### Study material
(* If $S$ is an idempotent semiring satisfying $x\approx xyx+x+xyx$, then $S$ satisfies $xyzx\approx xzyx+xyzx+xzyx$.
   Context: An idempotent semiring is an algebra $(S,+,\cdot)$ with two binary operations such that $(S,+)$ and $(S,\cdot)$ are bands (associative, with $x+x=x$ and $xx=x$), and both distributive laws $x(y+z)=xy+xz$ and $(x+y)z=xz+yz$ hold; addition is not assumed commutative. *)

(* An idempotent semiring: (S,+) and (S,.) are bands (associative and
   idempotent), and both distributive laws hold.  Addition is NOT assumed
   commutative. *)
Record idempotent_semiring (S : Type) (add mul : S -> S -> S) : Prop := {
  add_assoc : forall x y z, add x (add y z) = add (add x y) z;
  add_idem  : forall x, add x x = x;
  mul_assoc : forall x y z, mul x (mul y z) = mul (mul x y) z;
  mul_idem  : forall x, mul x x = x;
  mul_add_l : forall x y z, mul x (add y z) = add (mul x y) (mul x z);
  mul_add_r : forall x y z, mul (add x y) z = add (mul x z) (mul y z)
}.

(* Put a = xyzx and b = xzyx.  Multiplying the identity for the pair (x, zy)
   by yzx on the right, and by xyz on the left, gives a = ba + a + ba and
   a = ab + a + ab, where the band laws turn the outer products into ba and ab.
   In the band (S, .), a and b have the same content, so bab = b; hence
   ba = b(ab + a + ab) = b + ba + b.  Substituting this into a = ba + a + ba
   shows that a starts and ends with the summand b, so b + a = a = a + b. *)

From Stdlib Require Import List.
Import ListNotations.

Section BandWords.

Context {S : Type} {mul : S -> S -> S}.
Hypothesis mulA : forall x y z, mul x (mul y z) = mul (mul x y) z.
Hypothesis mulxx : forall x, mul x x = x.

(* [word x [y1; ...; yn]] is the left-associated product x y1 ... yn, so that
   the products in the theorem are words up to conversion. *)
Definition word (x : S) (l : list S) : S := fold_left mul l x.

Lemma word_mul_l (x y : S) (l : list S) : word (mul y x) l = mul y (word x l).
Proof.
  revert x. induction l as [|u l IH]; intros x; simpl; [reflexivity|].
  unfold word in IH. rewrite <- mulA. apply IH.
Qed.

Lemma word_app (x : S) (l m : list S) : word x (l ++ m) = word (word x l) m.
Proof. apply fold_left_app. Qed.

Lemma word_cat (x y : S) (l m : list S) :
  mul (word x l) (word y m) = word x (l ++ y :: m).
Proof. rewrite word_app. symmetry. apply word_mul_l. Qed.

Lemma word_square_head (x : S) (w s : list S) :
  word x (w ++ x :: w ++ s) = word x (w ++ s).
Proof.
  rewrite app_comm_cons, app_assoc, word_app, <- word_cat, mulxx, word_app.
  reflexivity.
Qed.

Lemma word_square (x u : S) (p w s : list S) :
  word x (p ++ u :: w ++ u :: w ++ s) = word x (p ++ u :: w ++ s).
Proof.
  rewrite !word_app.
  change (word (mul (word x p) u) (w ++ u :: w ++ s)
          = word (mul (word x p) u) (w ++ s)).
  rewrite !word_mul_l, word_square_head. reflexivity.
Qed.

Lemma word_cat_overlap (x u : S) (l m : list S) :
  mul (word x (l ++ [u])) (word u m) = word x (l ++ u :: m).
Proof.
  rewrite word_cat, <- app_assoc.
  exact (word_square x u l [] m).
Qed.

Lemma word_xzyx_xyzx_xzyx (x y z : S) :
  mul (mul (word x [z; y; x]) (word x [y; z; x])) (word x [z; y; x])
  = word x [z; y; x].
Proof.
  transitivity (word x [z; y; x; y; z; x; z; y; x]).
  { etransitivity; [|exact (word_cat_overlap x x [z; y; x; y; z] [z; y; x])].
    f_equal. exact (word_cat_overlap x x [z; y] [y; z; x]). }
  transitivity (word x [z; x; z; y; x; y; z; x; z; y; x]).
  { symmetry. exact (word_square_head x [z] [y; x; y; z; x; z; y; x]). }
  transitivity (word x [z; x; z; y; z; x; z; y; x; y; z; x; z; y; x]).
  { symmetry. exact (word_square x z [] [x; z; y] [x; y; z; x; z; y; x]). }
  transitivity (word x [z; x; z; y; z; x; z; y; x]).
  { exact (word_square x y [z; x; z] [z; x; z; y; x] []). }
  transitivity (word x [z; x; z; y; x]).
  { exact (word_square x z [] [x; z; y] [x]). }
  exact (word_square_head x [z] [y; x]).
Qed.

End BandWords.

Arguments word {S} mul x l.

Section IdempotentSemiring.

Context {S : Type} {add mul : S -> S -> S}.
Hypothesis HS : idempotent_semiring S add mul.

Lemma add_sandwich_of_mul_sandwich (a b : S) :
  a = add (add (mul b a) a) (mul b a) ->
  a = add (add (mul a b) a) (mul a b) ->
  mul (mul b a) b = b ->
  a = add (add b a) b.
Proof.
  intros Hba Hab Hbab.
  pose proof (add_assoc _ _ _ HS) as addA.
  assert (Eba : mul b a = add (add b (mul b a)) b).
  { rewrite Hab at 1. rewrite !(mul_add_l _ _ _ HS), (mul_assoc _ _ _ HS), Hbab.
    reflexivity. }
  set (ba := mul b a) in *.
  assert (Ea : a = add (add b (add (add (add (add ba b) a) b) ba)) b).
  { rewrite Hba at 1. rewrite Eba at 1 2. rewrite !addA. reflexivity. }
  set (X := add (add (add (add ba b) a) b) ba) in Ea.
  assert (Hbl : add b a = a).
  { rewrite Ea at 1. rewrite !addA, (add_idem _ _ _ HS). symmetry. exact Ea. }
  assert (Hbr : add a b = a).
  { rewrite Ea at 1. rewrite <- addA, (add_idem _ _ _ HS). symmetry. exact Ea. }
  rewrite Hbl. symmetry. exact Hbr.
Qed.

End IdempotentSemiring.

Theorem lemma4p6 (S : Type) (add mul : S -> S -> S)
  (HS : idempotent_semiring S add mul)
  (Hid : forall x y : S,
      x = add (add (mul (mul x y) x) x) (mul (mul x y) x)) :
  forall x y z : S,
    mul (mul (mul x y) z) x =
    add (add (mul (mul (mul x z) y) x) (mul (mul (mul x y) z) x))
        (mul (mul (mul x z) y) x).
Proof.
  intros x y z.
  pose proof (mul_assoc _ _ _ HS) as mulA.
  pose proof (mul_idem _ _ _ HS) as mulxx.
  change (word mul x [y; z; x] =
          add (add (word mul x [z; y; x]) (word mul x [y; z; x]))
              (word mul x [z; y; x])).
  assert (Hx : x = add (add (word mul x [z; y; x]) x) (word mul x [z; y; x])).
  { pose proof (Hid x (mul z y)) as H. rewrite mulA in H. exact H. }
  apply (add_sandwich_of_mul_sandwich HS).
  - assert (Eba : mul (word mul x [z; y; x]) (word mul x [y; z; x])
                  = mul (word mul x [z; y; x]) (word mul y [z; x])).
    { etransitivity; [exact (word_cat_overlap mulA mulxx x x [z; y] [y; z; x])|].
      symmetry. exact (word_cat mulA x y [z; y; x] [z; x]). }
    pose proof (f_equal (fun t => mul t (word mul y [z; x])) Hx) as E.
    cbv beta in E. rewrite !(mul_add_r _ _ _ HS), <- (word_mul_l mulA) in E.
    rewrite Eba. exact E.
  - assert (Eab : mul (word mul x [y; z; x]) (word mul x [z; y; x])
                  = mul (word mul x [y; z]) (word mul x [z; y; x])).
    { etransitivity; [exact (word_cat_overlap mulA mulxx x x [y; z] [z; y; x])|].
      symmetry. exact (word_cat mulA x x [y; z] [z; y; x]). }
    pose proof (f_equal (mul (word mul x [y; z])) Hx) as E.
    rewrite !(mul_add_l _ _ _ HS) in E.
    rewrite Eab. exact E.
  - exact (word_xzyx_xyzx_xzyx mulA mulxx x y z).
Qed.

### About this exercise
Above is a listing; print exactly its lines from the one with "x = add (add (mul" through the one with "pose proof (Hid", and no other lines.

### Response
      x = add (add (mul (mul x y) x) x) (mul (mul x y) x)) :
  forall x y z : S,
    mul (mul (mul x y) z) x =
    add (add (mul (mul (mul x z) y) x) (mul (mul (mul x y) z) x))
        (mul (mul (mul x z) y) x).
Proof.
  intros x y z.
  pose proof (mul_assoc _ _ _ HS) as mulA.
  pose proof (mul_idem _ _ _ HS) as mulxx.
  change (word mul x [y; z; x] =
          add (add (word mul x [z; y; x]) (word mul x [y; z; x]))
              (word mul x [z; y; x])).
  assert (Hx : x = add (add (word mul x [z; y; x]) x) (word mul x [z; y; x])).
  { pose proof (Hid x (mul z y)) as H. rewrite mulA in H. exact H. }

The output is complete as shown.